Aramco may have ended 2020 in the black, but Saudi oil policy remains a liability

By Ellen Wald


Saudi Aramco held its earnings call for 2020 on Monday, and once again the company tried to highlight its success but instead it left serious questions about its unique relationship with the absolute monarchy that controls the kingdom of Saudi Arabia. Aramco’s net income for 2020 was $49 billion, meaning it did much better in the virus-stricken year than its competitors, most of whom lost money. Yet, there are two significant concerns for the future of Aramco that are unique to its position as the golden goose or gravy train or piggy bank of the world’s last remaining powerful absolute monarchy. Depending on how these two issues play out, Aramco could continue to be wildly successful or could falter in the future.

Saudi Aramco continued to be profitable in 2020 for two reasons. First, because of the natural blessings of the Saudi oil reserves, it is cheap to pump oil there. Aramco produces a barrel of oil at a cost of under $3 while its competitors face costs in the double digits. Some oil producers’ costs are estimated in the teens, but others—like the worst positioned U.S. shale producers—are thought to still be as high as around $60. Second, Aramco has a well-trained workforce and also a strong culture that it inherited from its American predecessor.

How Is the Saudi Oil Ministry’s Current Policy Impacting the Company?

Between 1995 and 2019, the post of Saudi oil minister had been held by a former Aramco CEO. As a result, Saudi Arabia’s oil policy always seemed to be crafted with an understanding of the company and its interests. This changed when King Salman appointed one of his own sons, Abdulaziz, as Oil Minster in 2019. Now, the Oil Ministry is run by a royal with an entirely different mindset and with different priorities, some of which do not seem consistent with maximizing profits.

Abdulaziz, in conjunction with the rest of OPEC+, has been pursuing a reactionary oil market strategy. Whereas OPEC used to meet twice a year to set oil policy and was often hesitant to change policy between meetings, the current expanded group of OPEC+ is now meeting monthly to react to changes in the oil market. This instability is bad for business.

Last March, amid rising concerns about demand due to the coronavirus and after Russia refused to cut production as Saudi’s Oil Ministry wanted, Saudi Arabia announced a production increase to 12 million barrels per day in April. This immediately crashed the oil market. At its lowest point, Brent fell below $20 as a result of this impetuous move. Moreover, the sudden production increase cost Aramco money and left the country with virtually no spare capacity. The lack of spare capacity embarrassed the state and left its pivotal industry vulnerable to outages and attacks. To remedy this, the kingdom needed to quickly order Aramco to prepare to increase its capacity to 13 million barrels per day, at significant cost to the company.

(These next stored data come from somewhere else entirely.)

Lemma frontier_init t u : frontier t -> extends t u -> is_seq lt u -> kept u \/ u = t.
Proof. intros [_ [_ H]] E S. destruct (classic (u = t)); auto. Qed.

Lemma kept_or_frontier y :
  p y -> (forall u, is_seq lt u -> extends y u -> u <> y -> kept u) -> kept y \/ frontier y.
Proof. intros Py H. destruct (classic (kept y)); auto. right. split; auto. Qed.

Lemma frontier_compatible_eq t1 t2 : frontier t1 -> frontier t2 -> compatible t1 t2 -> t1 = t2.
Proof.
  intros F1 F2 A. destruct (tree_seq Hp (proj1 F1)) as [l1 H1]. destruct (tree_seq Hp (proj1 F2)) as [l2 H2].
  destruct (compatible_cases H1 H2 A) as [[E _]|[E _]].
  - destruct (frontier_init F2 E (ex_intro _ l1 H1)) as [Hk|]; [exfalso; exact (proj1 (proj2 F1) Hk)|auto].
  - destruct (frontier_init F1 E (ex_intro _ l2 H2)) as [Hk|]; [exfalso; exact (proj1 (proj2 F2) Hk)|auto].
Qed.

Lemma frontier_below y : p y -> ~ kept y -> exists t, frontier t /\ extends y t.
Proof.
  intros Py NK. destruct (tree_seq Hp Py) as [ly Hly].
  destruct (exists_least (P := fun l => ~ kept (trunc y l) /\ leK l ly)) as [l0 [[H1 H2] Hmin]].
  { exists ly. rewrite (trunc_id Hly (or_intror eq_refl)). split; auto. right; auto. }
  pose proof (seq_len_trunc Hly H2) as Hl0.
  exists (trunc y l0). split; [|apply extends_trunc].
  split; [apply tree_trunc; auto|]. split; auto.
  intros u [lu Hlu] Eu Nu. pose proof (proper_extension_lt Eu Hlu Hl0 Nu) as Hlt.
  rewrite (extends_eq_trunc Eu Hlu), trunc_trunc by (left; auto).
  apply NNPP. intro N. apply (Hmin lu); auto. split; auto. left. exact (lt_leK_trans Hlt H2).
Qed.

Lemma kept_ext t v w : kept t -> p w -> ext lt t v w -> kept w \/ frontier w.
Proof.
  intros Kt Pw E. apply kept_or_frontier; auto. intros u Su Eu Nu.
  apply (kept_init Kt); auto. exact (ext_proper_init E (tree_seq Hp (proj1 Kt)) Eu Su Nu).
Qed.

Lemma frontier_succ_above_frontier w : frontier_succ w -> above_frontier w.
Proof.
  intros [Pw [t [v [Ft E]]]]. pose proof (ext_extends E) as Ewt.
  pose proof (tree_seq Hp (proj1 Ft)) as St. split; auto. split.
  - intro Kw. exact (proj1 (proj2 Ft) (kept_init Kw Ewt St)).
  - intro Fw. exact (proj1 (proj2 Ft) (proj2 (proj2 Fw) t St Ewt (ext_neq E))).
Qed.

Lemma above_frontier_ext y y' :
  above_frontier y -> is_seq lt y -> p y' -> extends y' y -> above_frontier y'.
Proof.
  intros [_ [NK NF]] Sy Py' E. split; auto. split.
  - intro Kv. exact (NK (kept_init Kv E Sy)).
  - intro Fv. destruct (frontier_init Fv E Sy) as [H| ->]; auto.
Qed.

Lemma frontier_proper_ext_above y y' :
  frontier y -> p y' -> extends y' y -> y' <> y -> above_frontier y'.
Proof.
  intros Fy Py' E N. pose proof (tree_seq Hp (proj1 Fy)) as Sy. split; auto. split.
  - intro Ky'. exact (proj1 (proj2 Fy) (kept_init Ky' E Sy)).
  - intro Fy'. destruct (frontier_init Fy' E Sy) as [Ky|]; auto. exact (proj1 (proj2 Fy) Ky).
Qed.

Lemma above_frontier_has_frontier_succ y :
  above_frontier y -> exists w, frontier_succ w /\ extends y w.
Proof.
  intros [Py [NK NF]]. destruct (frontier_below Py NK) as [t [Ft Eyt]].
  destruct (tree_seq Hp Py) as [ly Hly]. destruct (tree_seq Hp (proj1 Ft)) as [l0 Hl0].
  assert (Hlt : lt l0 ly) by (apply (proper_extension_lt Eyt Hl0 Hly); intros ->; auto).
  destruct (exists_succ l0) as [l1 Hl1].
  destruct (trunc_succ_ext Hly Hl0 Eyt Hlt Hl1) as [v E].
  exists (trunc y l1). split; [|apply extends_trunc].
  split; [apply tree_trunc; auto|]. exists t, v. auto.
Qed.

Lemma frontier_succ_compatible_eq w1 w2 :
  frontier_succ w1 -> frontier_succ w2 -> compatible w1 w2 -> w1 = w2.
Proof.
  intros [_ [t1 [v1 [F1 E1]]]] [_ [t2 [v2 [F2 E2]]]] A.
  assert (t1 = t2) as <-.
  { apply frontier_compatible_eq; auto. apply compatible_sym.
    apply (compatible_extends_r (y := w1)); [|exact (ext_extends E1)].
    apply compatible_sym, (compatible_extends_r A), (ext_extends E2). }
  destruct (tree_seq Hp (proj1 F1)) as [l0 Hl0]. destruct (exists_succ l0) as [l1 Hl1].
  pose proof (ext_seq_len E1 Hl0 Hl1) as L1. pose proof (ext_seq_len E2 Hl0 Hl1) as L2.
  symmetry. exact (extends_same_len (compatible_extends L1 L2 A (or_intror eq_refl)) L1 L2).
Qed.

Lemma frontier_succ_not_limit w lw : frontier_succ w -> seq_len lt w lw -> ~ is_limit lt lw.
Proof.
  intros [_ [t [v [Ft E]]]] Hlw [_ Hlim]. destruct (tree_seq Hp (proj1 Ft)) as [l0 Hl0].
  destruct (exists_succ l0) as [l1 Hl1]. rewrite (seq_len_unique Hlw (ext_seq_len E Hl0 Hl1)) in Hlim.
  destruct (Hlim l0 (proj1 Hl1)) as [c [H1 H2]]. exact (proj2 Hl1 c H1 H2).
Qed.

Variable D : (sq K -> Prop) -> Prop.
Hypothesis HD : dense_in_P lt F D.

(* Meaningful only when [p w], which makes [cone p w] a condition. *)
Definition dense_below w : sq K -> Prop :=
  epsilon (inhabits (fun _ => False)) (fun q => D q /\ le (cone p w) q).

Lemma dense_below_spec w : p w -> D (dense_below w) /\ le (cone p w) (dense_below w).
Proof. intro Pw. unfold dense_below. apply epsilon_spec, (proj2 HD), cone_in_P; auto. Qed.

Lemma dense_below_in_P w : p w -> in_P lt F (dense_below w).
Proof. intro Pw. apply (proj1 HD), dense_below_spec; auto. Qed.

Lemma dense_below_cone w s : p w -> dense_below w s -> cone p w s.
Proof. intros Pw. apply dense_below_spec; auto. Qed.

Lemma dense_below_root w : p w -> dense_below w w.
Proof.
  intro Pw. apply (tree_contains_root (dense_below_in_P Pw) (tree_seq Hp Pw)).
  intros s Hs. apply (dense_below_cone Pw Hs).
Qed.

Definition master s : Prop :=
  kept s \/ frontier s \/ exists w, frontier_succ w /\ dense_below w s.

Lemma node_cases y : p y -> (kept y \/ frontier y) \/ above_frontier y.
Proof. intro Py. destruct (classic (kept y \/ frontier y)) as [H|N]; auto. right. split; auto; tauto. Qed.

Lemma master_sub_p s : master s -> p s.
Proof.
  intros [[H _]|[[H _]|[w [[Pw _] Hs]]]]; auto. exact (proj1 (dense_below_cone Pw Hs)).
Qed.

Lemma dense_below_sub_master w y : frontier_succ w -> dense_below w y -> master y.
Proof. intros Ww Hy. right; right. eauto. Qed.

Lemma master_sub_dense_below w y : frontier_succ w -> master y -> extends y w -> dense_below w y.
Proof.
  intros Ww My Eyw.
  destruct (above_frontier_ext (frontier_succ_above_frontier Ww) (tree_seq Hp (proj1 Ww))
             (master_sub_p My) Eyw) as [_ [NK NF]].
  destruct My as [|[|[w' [Ww' Hy]]]]; try contradiction.
  replace w with w'; auto. apply frontier_succ_compatible_eq; auto.
  exact (compatible_extends_r (proj2 (dense_below_cone (proj1 Ww') Hy)) Eyw).
Qed.

Lemma master_above_frontier_in_dense_below y :
  master y -> above_frontier y -> exists w, frontier_succ w /\ dense_below w y /\ extends y w.
Proof.
  intros My Hy. destruct (above_frontier_has_frontier_succ Hy) as [w [Ww Eyw]].
  exists w. split; auto. split; auto. exact (master_sub_dense_below Ww My Eyw).
Qed.

Lemma master_succ_set s v : kept s \/ frontier s -> succ_set lt p s v -> succ_set lt master s v.
Proof.
  intros Hs [w [E Pw]]. exists w. split; auto. destruct Hs as [Ks|Fs].
  - destruct (kept_ext Ks Pw E) as [H|H]; [left|right; left]; auto.
  - assert (Ww : frontier_succ w) by (split; auto; eauto).
    exact (dense_below_sub_master Ww (dense_below_root Pw)).
Qed.

Lemma master_succ_set_above_frontier s w v :
  frontier_succ w -> extends s w -> succ_set lt master s v -> succ_set lt (dense_below w) s v.
Proof.
  intros Ww Esw [t [E Mt]]. exists t. split; auto.
  exact (master_sub_dense_below Ww Mt (extends_trans (ext_extends E) Esw)).
Qed.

All in all, the April 2020 fiasco was a failure of the Saudi Oil Ministry that contributed to the global economic collapse. Still, Abdulaziz’s reactionary stances continue. In February 2021, he decided that Saudi Arabia would unilaterally cut 1 million barrels per day of production in an effort to stabilize markets without much support from the rest of OPEC+. Now, he is adjusting policy month to month, forcing Aramco to find ways to accommodate the company’s long-term supply contracts as well as plan production and transportation with little more than a few weeks of notice. Aramco’s investors should be concerned about what toll this reactionary behavior is having on Aramco’s books, its personnel, and the health of the crude oil reserves.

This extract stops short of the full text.